■ Task prompt
All lines in the records below with the word "PredA" must be returned.

■ Data
::::::

(* Let $\Delta$ be a tight SID and $\phi$ a tight sentence over $\Delta$. For every model $(\alpha,m)$ of $\phi$ (i.e. $(\alpha,m)\models_\Delta\phi$), the architecture $\alpha$ is tight.
   Context: Signature $\Sigma=(\mathfrak C,\mathfrak I,\mathfrak P)$: component types $\mathfrak C$, interaction types $\mathfrak I$ with arities $\#(\mathsf I)$, pairwise disjoint port sets $\mathfrak P(\mathsf C)$, port tuples $\mathfrak P(\mathsf I)$ of length $\#(\mathsf I)$; $\langle\mathfrak P(\mathsf I)\rangle_k$ is its $k$-th port. An architecture $\alpha$ gives $\alpha(\mathsf C)\subseteq\mathbb U$, $\alpha(\mathsf I)\subseteq\mathbb U^{\#(\mathsf I)}$. CL formulas $\phi::=\mathsf{emp}\mid\mathsf C(x)\mid\mathsf C^q(x)\mid\mathsf I(x_1..x_k)\mid\mathsf A(x_1..x_n)\mid\phi*\phi\mid\exists x.\phi$; SID = finite set of rules $\mathsf A(x_1..x_n)\leftarrow\phi$ with $\mathrm{fv}(\phi)=\{x_1..x_n\}$; $(\alpha,m)\models^s_\Delta\phi$ is the least relation where atoms $\mathsf C(x)$/$\mathsf C^q(x)$ denote the single component $\mathsf C[s(x)]$ with marking $\{q[s(x)]\}$ (for some/the given state $q$), $\mathsf I(\vec x)$ the single interaction $\mathsf I[s(\vec x)]$ with empty marking, $\mathsf{emp}$ the empty configuration, predicate atoms unfold by rules, $*$ is union of configurations with disjoint component sets and disjoint interaction relations, and $\exists$ chooses a value. An architecture $\alpha$ is tight if for each $\langle u_1..u_k\rangle\in\alpha(\mathsf I)$ and each $k'\in[1,k]$, $u_{k'}\in\alpha(\mathsf C)$ for the unique $\mathsf C$ with $\langle\mathfrak P(\mathsf I)\rangle_{k'}\in\mathfrak P(\mathsf C)$. A profile $\lambda$ maps each predicate symbol $\mathsf A$ of nonzero arity to a tuple of component types of length $\#(\mathsf A)$. A formula $\phi$ is tight for $\lambda$ if for every interaction atom $\mathsf I(x_1..x_k)$ of $\phi$ and every $j\in[1,k]$, $\phi$ contains a component atom $\mathsf C^q(x_j)$ with $\langle\mathfrak P(\mathsf I)\rangle_j\in\mathfrak P(\mathsf C)$, or a predicate atom $\mathsf A(y_1..y_n)$ with $x_j=y_\ell$ and $\langle\mathfrak P(\mathsf I)\rangle_j\in\mathfrak P(\langle\lambda(\mathsf A)\rangle_\ell)$ for some $\ell$. A SID $\Delta$ is tight if there is a profile $\lambda_\Delta$ such that for each rule $\mathsf A(x_1..x_n)\leftarrow\phi$, $\phi$ is tight for $\lambda_\Delta$ and for each $j\in[1,n]$, $\phi$ contains a component atom $\mathsf C^q(x_j)$ with $\langle\lambda_\Delta(\mathsf A)\rangle_j=\mathsf C$, or a predicate atom $\mathsf B(y_1..y_r)$ with $x_j=y_\ell$ and $\langle\lambda_\Delta(\mathsf A)\rangle_j=\langle\lambda_\Delta(\mathsf B)\rangle_\ell$ for some $\ell$. A formula over a tight SID $\Delta$ is tight if it is tight for $\lambda_\Delta$. *)

From Stdlib Require Import List Arith.
Import ListNotations.
Set Implicit Arguments.

Record Signature := {
  CType : Type;
  IType : Type;
  Port  : Type;
  State : Type;
  PSym  : Type;
  cports : CType -> Port -> Prop;
  iarity : IType -> nat;
  iports : IType -> list Port;
  parity : PSym -> nat;
  iports_len : forall I, length (iports I) = iarity I;
  cports_disj : forall C C' p, cports C p -> cports C' p -> C = C'
}.

Arguments cports {_}. Arguments iarity {_}. Arguments iports {_}. Arguments parity {_}.

Definition var := nat.

Section CL.
Variable S : Signature.

Inductive form : Type :=
| Emp : form
| CompA : CType S -> var -> form
| CompQ : CType S -> State S -> var -> form
| Inter : IType S -> list var -> form
| PredA : PSym S -> list var -> form
| Sep : form -> form -> form
| Ex : var -> form -> form.

Fixpoint fv (f : form) : list var :=
  match f with
  | Emp => []
  | CompA _ x => [x]
  | CompQ _ _ x => [x]
  | Inter _ xs => xs
  | PredA _ xs => xs
  | Sep f g => fv f ++ fv g
  | Ex x f => filter (fun y => negb (Nat.eqb y x)) (fv f)
  end.

Fixpoint bv (f : form) : list var :=
  match f with
  | Sep f g => bv f ++ bv g
  | Ex x f => x :: bv f
  | _ => []
  end.

Fixpoint atoms (f : form) : list form :=
  match f with
  | Sep f g => atoms f ++ atoms g
  | Ex _ f => atoms f
  | a => [a]
  end.

Definition atom_in (a f : form) : Prop := In a (atoms f).

Fixpoint wf_arity (f : form) : Prop :=
  match f with
  | Inter i xs => length xs = iarity i
  | PredA A xs => length xs = parity A
  | Sep f g => wf_arity f /\ wf_arity g
  | Ex _ f => wf_arity f
  | _ => True
  end.

Definition var_conv (f : form) : Prop :=
  NoDup (bv f) /\ forall x, In x (bv f) -> ~ In x (fv f).

Record rule := { rhead : PSym S; rparams : list var; rbody : form }.

Definition wf_rule (r : rule) : Prop :=
  length (rparams r) = parity (rhead r) /\ NoDup (rparams r) /\
  (forall x, In x (fv (rbody r)) <-> In x (rparams r)) /\
  wf_arity (rbody r) /\ var_conv (rbody r).

Definition SID := list rule.
Definition wf_SID (D : SID) : Prop := Forall wf_rule D.

Variable U : Type.

Record arch := {
  acomp : CType S -> U -> Prop;
  aint  : IType S -> list U -> Prop
}.
Definition marking := State S -> U -> Prop.
Definition store := var -> U.

Definition upd (s : store) (x : var) (u : U) : store :=
  fun y => if Nat.eqb y x then u else s y.

Definition single_comp (a : arch) (m : marking) (C : CType S) (q : State S) (u : U) : Prop :=
  (forall C' v, acomp a C' v <-> (C' = C /\ v = u)) /\
  (forall I t, ~ aint a I t) /\
  (forall q' v, m q' v <-> (q' = q /\ v = u)).

Inductive sat (D : SID) : arch -> marking -> store -> form -> Prop :=
| sat_emp : forall a m s,
    (forall C u, ~ acomp a C u) -> (forall I t, ~ aint a I t) ->
    (forall q u, ~ m q u) -> sat D a m s Emp
| sat_compA : forall a m s C x q,
    single_comp a m C q (s x) -> sat D a m s (CompA C x)
| sat_compQ : forall a m s C q x,
    single_comp a m C q (s x) -> sat D a m s (CompQ C q x)
| sat_inter : forall a m s I xs,
    (forall C u, ~ acomp a C u) ->
    (forall I' t, aint a I' t <-> (I' = I /\ t = map s xs)) ->
    (forall q u, ~ m q u) -> sat D a m s (Inter I xs)
| sat_pred : forall a m s A ys r s',
    In r D -> rhead r = A ->
    Forall2 (fun x y => s' x = s y) (rparams r) ys ->
    sat D a m s' (rbody r) -> sat D a m s (PredA A ys)
| sat_sep : forall a m s f g a1 m1 a2 m2,
    sat D a1 m1 s f -> sat D a2 m2 s g ->
    (forall C u, acomp a1 C u -> acomp a2 C u -> False) ->
    (forall I t, aint a1 I t -> aint a2 I t -> False) ->
    (forall C u, acomp a C u <-> acomp a1 C u \/ acomp a2 C u) ->
    (forall I t, aint a I t <-> aint a1 I t \/ aint a2 I t) ->
    (forall q u, m q u <-> m1 q u \/ m2 q u) ->
    sat D a m s (Sep f g)
| sat_ex : forall a m s x f u,
    sat D a m (upd s x u) f -> sat D a m s (Ex x f).

Definition arch_tight (a : arch) : Prop :=
  forall I t, aint a I t ->
    forall k, k < iarity I ->
      exists p u C, nth_error (iports I) k = Some p /\ nth_error t k = Some u /\
                    cports C p /\ acomp a C u.

Definition profile := PSym S -> list (CType S).
Definition wf_profile (lam : profile) : Prop :=
  forall A, length (lam A) = parity A.

Definition has_comp_atom (f : form) (C : CType S) (x : var) : Prop :=
  (exists q, atom_in (CompQ C q x) f) \/ atom_in (CompA C x) f.

Definition tight_form (lam : profile) (f : form) : Prop :=
  forall I xs, atom_in (Inter I xs) f ->
    forall j x p, nth_error xs j = Some x -> nth_error (iports I) j = Some p ->
      (exists C, has_comp_atom f C x /\ cports C p) \/
      (exists A ys l C, atom_in (PredA A ys) f /\ nth_error ys l = Some x /\
                        nth_error (lam A) l = Some C /\ cports C p).

Definition tight_SID_for (lam : profile) (D : SID) : Prop :=
  wf_profile lam /\
  forall r, In r D ->
    tight_form lam (rbody r) /\
    forall j x C, nth_error (rparams r) j = Some x ->
                  nth_error (lam (rhead r)) j = Some C ->
      has_comp_atom (rbody r) C x \/
      (exists B ys l, atom_in (PredA B ys) (rbody r) /\ nth_error ys l = Some x /\
                      nth_error (lam B) l = Some C).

::::::

■ Answer box
| PredA : PSym S -> list var -> form
  | PredA _ xs => xs
  | PredA A xs => length xs = parity A
    sat D a m s' (rbody r) -> sat D a m s (PredA A ys)
      (exists A ys l C, atom_in (PredA A ys) f /\ nth_error ys l = Some x /\
      (exists B ys l, atom_in (PredA B ys) (rbody r) /\ nth_error ys l = Some x /\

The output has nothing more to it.